The new programme will focus on timber on Kangaroo Island, located 112km southwest of Adelaide, which was impacted by fires in January 2020 and will help transport bushfire-salvaged softwood to mills.

While about 18,000 hectares were impacted in the fires, the Kangaroo Island Plantation Timbers company said most of it was salvageable with the new government assistance set to save those logs from being burned or left to rot.

The bushfire-salvaged construction-grade softwood is set to become less viable as structural timber the longer it sits unprocessed.

Federal Minister for Housing Michael Sukkar said the scheme will stimulate the construction industry and alleviate building material shortages.

“We have seen more than 135,000 HomeBuilder applications and we want to get people into their new homes as soon as possible,” he said.

“By ensuring our supply chains can support the pipeline of new builds, we are helping people get into their new homes as soon as possible.”

Thanks in part to last year’s devastating bushfires and a massive uptick in global demand for timber, prices have soared while delays in home construction have worsened.

Managing Director of the Housing Industry Association (HIA) Graham Wolfe said constraints in the availability of building materials, such as timber, have had a significant influence on ongoing housing developments.

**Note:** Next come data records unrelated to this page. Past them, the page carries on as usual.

(* Let $m_1,m_2\ge 0$ be integers and $\lambda=m_1\omega_1+m_2\omega_2$. Then in the representation ring of $\mathfrak{sl}_3$, \begin{align*} \psi_2(V_{\lambda}) &= \sum_{l=0}^{\min\{m_1,m_2\}}\sum_{k=0}^{m_1-l}(-1)^k\, V_{2\lambda-k\alpha_1-2l(\alpha_1+\alpha_2)} + \sum_{l=0}^{\min\{m_1,m_2\}}\sum_{k=0}^{m_2-l}(-1)^k\, V_{2\lambda-k\alpha_2-2l(\alpha_1+\alpha_2)} \\ &\quad - \sum_{l=0}^{\min\{m_1,m_2\}} V_{2\lambda-2l(\alpha_1+\alpha_2)}. \end{align*} Equivalently, writing $V_{a,b}=V_{a\omega_1+b\omega_2}$, the three sums are over $V_{2m_1-2k-2l,\,2m_2+k-2l}$, $V_{2m_1+k-2l,\,2m_2-2k-2l}$ and $V_{2m_1-2l,\,2m_2-2l}$ respectively.
   Context: $\mathfrak{sl}_3$ has simple roots $\alpha_1=(1,-1,0)$, $\alpha_2=(0,1,-1)$ and fundamental weights $\omega_1=\frac13(2\alpha_1+\alpha_2)$, $\omega_2=\frac13(\alpha_1+2\alpha_2)$ (so $\alpha_1=2\omega_1-\omega_2$, $\alpha_2=-\omega_1+2\omega_2$). $V_\mu$ denotes the irreducible representation with dominant highest weight $\mu$. $\psi_2$ is the second Adams operation on the representation ring (virtual representations), i.e. the ring endomorphism characterized on characters by $\mathrm{ch}(\psi_2 V)(t)=\mathrm{ch}(V)(t^2)$ for $t$ in the maximal torus; equivalently, on characters viewed as symmetric functions in $x_1,x_2,x_3$ with $x_1x_2x_3=1$, it sends $f(x_1,x_2,x_3)$ to $f(x_1^2,x_2^2,x_3^2)$. *)

From HB Require Import structures.
From mathcomp Require Import all_boot all_order all_algebra.
Set Implicit Arguments. Unset Strict Implicit. Unset Printing Implicit Defensive.
Import Order.TTheory GRing.Theory Num.Theory.

(* Weights of sl_3 are written in fundamental-weight coordinates:
   (a, b) : int * int stands for a*omega_1 + b*omega_2.
   A (virtual) character, i.e. an element of the representation ring
   (identified with the character ring Z[P]^W), is represented by its
   weight-multiplicity function  P -> int  (finitely supported). *)

Definition vchar := (int * int)%type -> int.

(* Weight of the monomial x1^e1 x2^e2 x3^e3 (with x1 x2 x3 = 1):
   e1 eps_1 + e2 eps_2 + e3 eps_3 = (e1 - e2) omega_1 + (e2 - e3) omega_2. *)
Definition mono_wt (e1 e2 e3 : nat) : int * int :=
  ((Posz e1 - Posz e2)%R, (Posz e2 - Posz e3)%R).

(* Multiset of weights of V_{a omega_1 + b omega_2}, enumerated by
   Gelfand-Tsetlin patterns with top row (a+b, b, 0):
     a+b >= p1 >= b >= p2 >= 0,  p1 >= q >= p2,
   the pattern contributing the monomial x1^q x2^(p1+p2-q) x3^(a+2b-p1-p2).
   (Equivalently ch V_{a,b} is the Schur polynomial s_{(a+b,b,0)}(x1,x2,x3).) *)
Definition gt_weights (a b : nat) : seq (int * int) :=
  flatten [seq flatten [seq [seq mono_wt q (p1 + p2 - q) (a + 2 * b - p1 - p2)
                               | q <- iota p2 (p1 - p2).+1]
                          | p2 <- iota 0 b.+1]
          | p1 <- iota b a.+1].

Definition chV (a b : nat) : vchar :=
  fun mu => Posz (count (pred1 mu) (gt_weights a b)).

(* Second Adams operation: the ring endomorphism e^mu |-> e^(2 mu) of Z[P],
   i.e. f(x1,x2,x3) |-> f(x1^2,x2^2,x3^2). *)
Definition psi2 (f : vchar) : vchar :=
  fun mu => if ((2 %| mu.1)%Z && (2 %| mu.2)%Z)
            then f ((mu.1 %/ 2)%Z, (mu.2 %/ 2)%Z) else 0%R.

(* Multiply both sides by the doubled Weyl denominator A_{2ρ} = Σ_w sgn(w) e^{2wρ}.
   Since A_{2ρ} = ψ2(A_ρ), the Weyl character formula A_ρ ch V_λ = A_{λ+ρ} gives
   A_{2ρ} ψ2(ch V_λ) = ψ2(A_{λ+ρ}) = A_{2λ+2ρ}.  On the other side
   A_{2ρ} = A_ρ ch V_ρ, so A_{2ρ} ch V_μ = Σ_{t ∈ wt(V_ρ)} A_{μ+ρ+t}.  Pairing the
   weights of V_ρ along an α_i-string, the alternating sum over k telescopes to the
   two end terms; one end lies on a wall of the Weyl chamber and vanishes, so the
   l-th summand contributes A_{c+ρ} - A_{c-ρ} with c = 2(λ - l(ω1+ω2)) + ρ, and these
   telescope in l to A_{2λ+2ρ}.  Finally, multiplication by A_{2ρ} is injective on
   functions whose support is bounded in height, because e^{2ρ} is its unique
   highest term. *)

From HB Require Import structures.
From mathcomp Require Import all_boot all_order all_algebra.
From mathcomp Require Import zify ring.
Import Order.TTheory GRing.Theory Num.Theory.
Local Open Scope ring_scope.

Notation weight := (int * int)%type.

Definition ind (b : bool) : int := if b then 1 else 0.

Lemma weightP (v v' : weight) : v.1 = v'.1 -> v.2 = v'.2 -> v = v'.
Proof. by case: v v' => [? ?] [? ?] /= -> ->. Qed.

Lemma weight_natmul (d : weight) n : d *+ n = (d.1 *+ n, d.2 *+ n).
Proof. by elim: n => // n IH; rewrite !mulrS IH. Qed.

Lemma sum_ind_count (T : eqType) (s : seq T) (x : T) :
  \sum_(y <- s) ind (y == x) = Posz (count (pred1 x) s).
Proof.
elim: s => [|y s IH]; first by rewrite big_nil.
by rewrite big_cons /= PoszD IH /ind; case: (y == x).
Qed.

(** * Multiplication by finitely supported elements of Z[P] *)

(* [a : fsum] stands for Σ_(c, t) ∈ a  c e^t, acting on characters by
   multiplication: the coefficient of e^mu in e^t f is f (mu - t). *)
Definition fsum := seq (int * weight).

Definition fsmul (a : fsum) (f : vchar) : vchar :=
  fun mu => \sum_(p <- a) p.1 * f (mu - p.2).

Lemma eq_fsmul a f g : f =1 g -> fsmul a f =1 fsmul a g.
Proof. by move=> fg mu; apply: eq_bigr => p _; rewrite fg. Qed.

Lemma fsmul_sum (T : Type) a (r : seq T) (G : T -> vchar) mu :
  fsmul a (fun nu => \sum_(i <- r) G i nu) mu = \sum_(i <- r) fsmul a (G i) mu.
Proof. by rewrite /fsmul exchange_big; apply: eq_bigr => p _; rewrite mulr_sumr. Qed.

Lemma fsmulD a f g mu :
  fsmul a (fun nu => f nu + g nu) mu = fsmul a f mu + fsmul a g mu.
Proof. by rewrite /fsmul -big_split; apply: eq_bigr => p _; rewrite mulrDr. Qed.

Lemma fsmulB a f g mu :
  fsmul a (fun nu => f nu - g nu) mu = fsmul a f mu - fsmul a g mu.
Proof. by rewrite /fsmul -sumrB; apply: eq_bigr => p _; rewrite mulrBr. Qed.

Lemma fsmulZ a c f mu : fsmul a (fun nu => c * f nu) mu = c * fsmul a f mu.
Proof. by rewrite /fsmul mulr_sumr; apply: eq_bigr => p _; rewrite mulrCA. Qed.

Definition fsconv (T : seq weight) (a : fsum) : fsum :=
  flatten [seq [seq (p.1, p.2 + t) | p <- a] | t <- T].

Lemma fsmul_fsconv T a f mu :
  fsmul (fsconv T a) f mu = \sum_(t <- T) fsmul a f (mu - t).
Proof.
rewrite /fsmul /fsconv big_flatten big_map; apply: eq_bigr => t _.
by rewrite big_map; apply: eq_bigr => p _; rewrite opprD addrA addrAC.
Qed.

Definition fscoef (a : fsum) (d : weight) : int :=
  foldr (fun p c => p.1 * ind (p.2 == d) + c) 0 a.

Lemma fsmul_fscoef a (D : seq weight) f mu : uniq D -> all (fun p => p.2 \in D) a ->
  fsmul a f mu = \sum_(d <- D) fscoef a d * f (mu - d).
Proof.
move=> uniqD; elim: a => [|p a IH] /=.
  by move=> _; rewrite /fsmul big_nil big1 // => d _; rewrite mul0r.
move=> /andP [pD aD]; rewrite /fsmul big_cons -/(fsmul a f mu) IH //.
under [RHS]eq_bigr do rewrite mulrDl.
rewrite big_split /=; congr (_ + _).
rewrite (bigD1_seq p.2) //= eqxx /ind mulr1 big1 ?addr0 // => d.
by rewrite eq_sym => /negbTE ->; rewrite mulr0 mul0r.
Qed.

Lemma eq_fsmul_fscoef a b f :
  all (fun d => fscoef a d == fscoef b d) (undup (map snd (a ++ b))) ->
  fsmul a f =1 fsmul b f.
Proof.
move=> /allP eq_coef mu; pose D := undup (map snd (a ++ b)).
have suppD c : {subset c <= a ++ b} -> all (fun p => p.2 \in D) c.
  by move=> sub_c; apply/allP => p /sub_c pc; rewrite mem_undup map_f.
have Da : all (fun p => p.2 \in D) a by apply: suppD => p; rewrite mem_cat => ->.
have Db : all (fun p => p.2 \in D) b by apply: suppD => p; rewrite mem_cat orbC => ->.
rewrite (fsmul_fscoef _ _ _ _ (undup_uniq _) Da) (fsmul_fscoef _ _ _ _ (undup_uniq _) Db).
by rewrite !big_seq; apply: eq_bigr => d /eq_coef /eqP ->.
Qed.

Definition fsdouble (a : fsum) : fsum := [seq (p.1, p.2 *+ 2) | p <- a].

(** * The Weyl group and alternants *)

Definition s1 (v : weight) : weight := (- v.1, v.1 + v.2).
Definition s2 (v : weight) : weight := (v.1 + v.2, - v.2).
Definition w0 (v : weight) : weight := (- v.2, - v.1).

Lemma s1_zmod_morphism : zmod_morphism s1.
Proof. by case=> ? ? [? ?]; apply: weightP => /=; ring. Qed.
HB.instance Definition _ := GRing.isZmodMorphism.Build weight weight s1 s1_zmod_morphism.

Lemma s2_zmod_morphism : zmod_morphism s2.
Proof. by case=> ? ? [? ?]; apply: weightP => /=; ring. Qed.
HB.instance Definition _ := GRing.isZmodMorphism.Build weight weight s2 s2_zmod_morphism.

Lemma w0_zmod_morphism : zmod_morphism w0.
Proof. by case=> ? ? [? ?]; apply: weightP => /=; ring. Qed.
HB.instance Definition _ := GRing.isZmodMorphism.Build weight weight w0 w0_zmod_morphism.

Definition weyl_signed : seq (int * {additive weight -> weight}) :=
  [:: (1, GRing.Additive.clone _ _ idfun _); (-1, GRing.Additive.clone _ _ s1 _);
      (-1, GRing.Additive.clone _ _ s2 _); (1, GRing.Additive.clone _ _ (s1 \o s2) _);
      (1, GRing.Additive.clone _ _ (s2 \o s1) _); (-1, GRing.Additive.clone _ _ w0 _)].

Definition alt (v : weight) : vchar :=
  fun mu => \sum_(w <- weyl_signed) w.1 * ind (mu == w.2 v).

Lemma altE v mu : alt v mu =
  ind (mu == v) - ind (mu == s1 v) - ind (mu == s2 v)
  + ind (mu == s1 (s2 v)) + ind (mu == s2 (s1 v)) - ind (mu == w0 v).
Proof. by rewrite /alt /weyl_signed !big_cons big_nil /=; ring. Qed.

“Building product supply constraints have had a material impact on housing projects under construction,” he said. “They also delay the commencement of new projects coming on line.”

South Australian Minister for Primary Industries and Regional Development David Basham said the South Australian government has committed up to $3 million to bring more timber to the local housing sector, and he praised the Commonwealth Government’s new assistance package.

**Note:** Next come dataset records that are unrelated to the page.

Lemma nbr_avg_le x F B : 0 <= B -> (forall w, e x w -> F w <= B) -> nbr_avg x F <= B.
Proof.
move=> B_ge0 F_le; apply: Rle_trans (rsum_le (G := fun=> / INR (deg e x) * B) _) _.
  by move=> w xw; apply: Rmult_le_compat_l; [exact: Rinv_INR_ge0 | exact: F_le].
rewrite rsum_const -Rmult_assoc -[X in _ <= X]Rmult_1_l.
by apply: Rmult_le_compat_r => //; exact: INR_mul_inv_le1.
Qed.

Lemma Rabs_nbr_avg_le x F B : 0 <= B -> (forall w, e x w -> Rabs (F w) <= B) ->
  Rabs (nbr_avg x F) <= B.
Proof.
move=> B_ge0 F_le; apply: Rabs_le; split; last first.
  by apply: nbr_avg_le => // w xw; have := Rle_abs (F w); have := F_le w xw; lra.
have avg0 : nbr_avg x (fun=> 0) = 0 by rewrite /nbr_avg rsum_const !Rmult_0_r.
have : nbr_avg x (fun w => 0 - F w) <= B.
  apply: nbr_avg_le => // w xw.
  by have := Rle_abs (- F w); rewrite Rabs_Ropp; have := F_le w xw; lra.
by rewrite nbr_avgB avg0; lra.
Qed.

Lemma is_lim_seq_nbr_avg x (u : T -> nat -> R) (l : T -> R) :
  (forall w, e x w -> is_lim_seq (u w) (l w)) ->
  is_lim_seq (fun n => nbr_avg x (fun w => u w n)) (nbr_avg x l).
Proof.
move=> lim_u; apply: is_lim_seq_rsum => w xw.
by apply: (is_lim_seq_scal_l _ _ (Finite _)); exact: lim_u.
Qed.

Lemma nbr_avg_const x k : (0 < deg e x)%nat -> nbr_avg x (fun=> k) = k.
Proof.
move=> deg_gt0; rewrite /nbr_avg rsum_const -Rmult_assoc Rinv_r ?Rmult_1_l //.
by apply: not_0_INR; apply/eqP; rewrite -lt0n.
Qed.

Lemma nbr_avg_affine x a b c F G : (0 < deg e x)%nat ->
  nbr_avg x (fun w => a + b * F w + c * G w) = a + b * nbr_avg x F + c * nbr_avg x G.
Proof.
move=> deg_gt0; rewrite -{2}(nbr_avg_const a deg_gt0) /nbr_avg -!rsumZ -!rsumD.
by apply: eq_bigr => w _; ring.
Qed.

“This transport subsidy will maximise the amount of sawmill quality log available to local processors which will boost supply and support local jobs in our regions and across metropolitan Adelaide,” he said.

“The community now needs Kangaroo Island Plantation Timbers to open up access to its bushfire affected pine plantations for harvesting and allow local sawmills to get busy.”

Minister for Agriculture David Littleproud said the program expands on the $15 million Forestry Salvage Transport Measure, to allow for both intrastate and interstate transport of remaining bushfire-salvaged construction-grade softwood to mills in any state with the capacity to process it.